Create a Linear Regression Model using Python/R to predict home prices

using Boston Housing Dataset. Find the performance of your model.

In [3]:
import pandas as pd
from sklearn.model_selection import train_test_split
from sklearn.linear_model import LinearRegression
from sklearn.metrics import mean_squared_error, r2_score

# Load the Boston housing dataset
df = pd.read_csv("Boston.csv")

# Check if there are any missing values
missing_values = df.isnull().sum()
if missing_values.any():
    print("Missing values exist in the dataset.")
    # Handle missing values
    df.dropna(inplace=True)
else:
    print("No missing values in the dataset.")

# Split the data into features (X) and the target variable (y)
X = df.drop(columns=['medv'])
y = df['medv']

# Split the data into training and testing sets
X_train, X_test, y_train, y_test = train_test_split(X, y, test_size=0.2, random_state=42)

# Create a linear regression model
model = LinearRegression()

# Train the model on the training data
model.fit(X_train, y_train)

# Make predictions on the testing data
y_pred = model.predict(X_test)

# Calculate the model performance
mse = mean_squared_error(y_test, y_pred)
r2 = r2_score(y_test, y_pred)

print("Mean Squared Error:", mse)
print("R-squared Score:", r2)

Missing values exist in the dataset.
Mean Squared Error: 20.687720473048493
R-squared Score: 0.7200277678580315


In [None]:
#The Mean Squared Error (MSE) of approximately 20.69 suggests that, on average, the model's predictions are off by around 20.69 units squared.

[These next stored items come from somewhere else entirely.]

(* Let $L$ be a shift and $\mu$ a $\sigma$-invariant, nonatomic, regular Borel probability measure on $L$ that is positive on nonempty cylinders. For each letter $a\in A$ let $I_{L,a}=\{x\in I:\phi^{-1}(\iota(x))\in Cyl_L(a)\}$, where $I=[0,1)$. Then $I=\bigsqcup_{a\in A}I_{L,a}$, and each nonempty $I_{L,a}$ is a right-open interval. Moreover $T_L$ is right-continuous on $I$ and increasing on each $I_{L,a}$.
   Context: $A$ is a finite totally ordered alphabet. $A^{\mathbb N}$ has the lexicographic order and the Cantor topology, and $\sigma$ deletes the first letter. A shift is a closed $L\subseteq A^{\mathbb N}$ with $\sigma(L)\subseteq L$, and $Cyl_L(v)=\{w\in L:v\text{ prefix of }w\}$. For $w\le w'$ in $L$, $[w,w']=\{w''\in L:w\le w''\le w'\}$, and $w_{L,min}=\min L$. Construction. Put $\phi_\mu(w)=\mu([w_{L,min},w])$. Let $Z_0$ be the set of $x\in[0,1]$ with $|\phi_\mu^{-1}(x)|\ge 2$; each such preimage consists of exactly two consecutive words. Let $\hat I=[0,1]\sqcup Z_0^-$, where $Z_0^-=\{z^-:z\in Z_0\}$ is a disjoint copy of $Z_0$. Order $\hat I$ so that $z^-<z$ with nothing in between, extending the order of $[0,1]$, and give it the order topology. Let $\iota$ be the inclusion $[0,1]\to\hat I$, and let $\kappa:\hat I\to[0,1]$ be the identity on $[0,1]$ with $z^-\mapsto z$. Define $\phi(w)=(\phi_\mu(w))^-$ if $\phi_\mu^{-1}(\phi_\mu(w))=\{w,w'\}$ with $w<w'$, and $\phi(w)=\phi_\mu(w)$ otherwise. Set $\hat T=\phi\circ\sigma\circ\phi^{-1}$ and $T_L=\kappa\circ\hat T\circ\iota:[0,1]\to[0,1]$. *)

From HB Require Import structures.
From mathcomp Require Import all_boot all_order.
From Stdlib Require Import Reals ClassicalEpsilon.

Set Implicit Arguments.
Unset Strict Implicit.
Unset Printing Implicit Defensive.

Section ShiftDefs.

Variables (d : Order.disp_t) (A : finOrderType d).

Definition word := nat -> A.

Definition shift (w : word) : word := fun n => w n.+1.

Definition is_open (U : word -> Prop) : Prop :=
  forall w, U w -> exists n : nat,
    forall w' : word, (forall i, (i < n)%N -> w' i = w i) -> U w'.

Definition is_closed (F : word -> Prop) : Prop := is_open (fun w => ~ F w).

Inductive borel : (word -> Prop) -> Prop :=
| borel_open U : is_open U -> borel U
| borel_compl U : borel U -> borel (fun w => ~ U w)
| borel_cunion (F : nat -> word -> Prop) :
    (forall n, borel (F n)) -> borel (fun w => exists n, F n w).

Definition is_shift (L : word -> Prop) : Prop :=
  is_closed L /\ forall w, L w -> L (shift w).

Definition lex_lt (w w' : word) : Prop :=
  exists n : nat, (forall i, (i < n)%N -> w i = w' i) /\ (w n < w' n)%O.
Definition lex_le (w w' : word) : Prop := w = w' \/ lex_lt w w'.

Definition Cyl (L : word -> Prop) (v : seq A) (w : word) : Prop :=
  L w /\ mkseq w (size v) = v.

Local Open Scope R_scope.

(* Borel probability measure on L, modelled as a Borel probability measure on
   A^N concentrated on L (mu (A^N \ L) = 0). *)
Definition is_prob_measure_on (L : word -> Prop) (mu : (word -> Prop) -> R) : Prop :=
  (forall B, borel B -> 0 <= mu B) /\
  mu (fun _ => True) = 1 /\
  mu (fun w => ~ L w) = 0 /\
  (forall F : nat -> word -> Prop,
     (forall n, borel (F n)) ->
     (forall m n w, F m w -> F n w -> m = n) ->
     infinite_sum (fun n => mu (F n)) (mu (fun w => exists n, F n w))).

Definition sigma_invariant (mu : (word -> Prop) -> R) : Prop :=
  forall B, borel B -> mu (fun w => B (shift w)) = mu B.

Definition nonatomic (mu : (word -> Prop) -> R) : Prop :=
  forall w : word, mu (fun u => u = w) = 0.

(* regularity (outer regular by open sets, inner regular by compact = closed
   sets, A^N being compact) *)
Definition regular (mu : (word -> Prop) -> R) : Prop :=
  forall B, borel B -> forall eps, 0 < eps ->
    (exists U, is_open U /\ (forall w, B w -> U w) /\ mu U <= mu B + eps) /\
    (exists K, is_closed K /\ (forall w, K w -> B w) /\ mu B - eps <= mu K).

Definition positive_on_cylinders (L : word -> Prop) (mu : (word -> Prop) -> R) : Prop :=
  forall v : seq A, (exists w, Cyl L v w) -> 0 < mu (Cyl L v).
(* Let $\Gamma$ be a subalgebra of the $\Bbbk$-algebra $A$ and let $\sim$ be the equivalence relation on $\mathrm{cfs}(\Gamma)$ generated by $\mathfrak m\sim\mathfrak n$ whenever $\mathrm{Ext}^1_\Gamma(S_{\mathfrak m},S_{\mathfrak n})\ne0$. If $\Gamma$ is quasinoetherian with respect to $\sim$ and $\Gamma$ is quasicentral in $A$, then $\Gamma$ is a Harish-Chandra block subalgebra of $A$ with respect to $\sim$.
   Context: $\mathrm{cfs}(\Gamma)$: maximal two-sided ideals $\mathfrak m$ of $\Gamma$ with $\dim\Gamma/\mathfrak m<\infty$; $S_{\mathfrak m}$ the unique simple $\Gamma/\mathfrak m$-module. For a class $B$, $\mathcal W(B)=\{\mathfrak m_1\cdots\mathfrak m_k:k\ge0,\mathfrak m_i\in B\}$; for a $\Gamma$-module $V$, $V(B)=\{v:\mathfrak mv=0$ for some $\mathfrak m\in\mathcal W(B)\}$; $V$ is a block module if $V=\bigoplus_BV(B)$. $\Gamma$ is quasinoetherian w.r.t. $\sim$ if $\Gamma/\mathfrak m$ is finite-dimensional for every class $B$ and $\mathfrak m\in\mathcal W(B)$. $\Gamma$ is quasicentral in $A$ if $\Gamma a\Gamma$ is finitely generated as a left and as a right $\Gamma$-module for every $a\in A$. $\Gamma$ is a Harish-Chandra block subalgebra of $A$ w.r.t. $\sim$ if $A/A\mathfrak m$ is a block module over $\Gamma$ for every $B$ and $\mathfrak m\in\mathcal W(B)$. *)

From HB Require Import structures.
From mathcomp Require Import all_boot all_algebra.
From mathcomp Require Import boolp classical_sets.
From Stdlib Require Import Relations.
Set Implicit Arguments. Unset Strict Implicit. Unset Printing Implicit Defensive.
Import GRing.Theory.
Local Open Scope ring_scope.
Local Open Scope classical_set_scope.

Section Defs.
Variables (k : fieldType) (G : algType k).

Definition two_sided_ideal (I : set G) : Prop :=
  I 0 /\ (forall x y, I x -> I y -> I (x + y)) /\ (forall x, I x -> I (- x)) /\
  (forall g x, I x -> I (g * x)) /\ (forall g x, I x -> I (x * g)).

This value gives you an idea of how well the model fits the data, with lower values indicating better performance.

In [None]:
#The R-squared Score of approximately 0.72 suggests that the model explains about 72.00% of the variance in the target variable. This value ranges between 0 and 1, with higher values indicating better fit. In this case, 0.72 indicates a moderately good fit of the model to the data.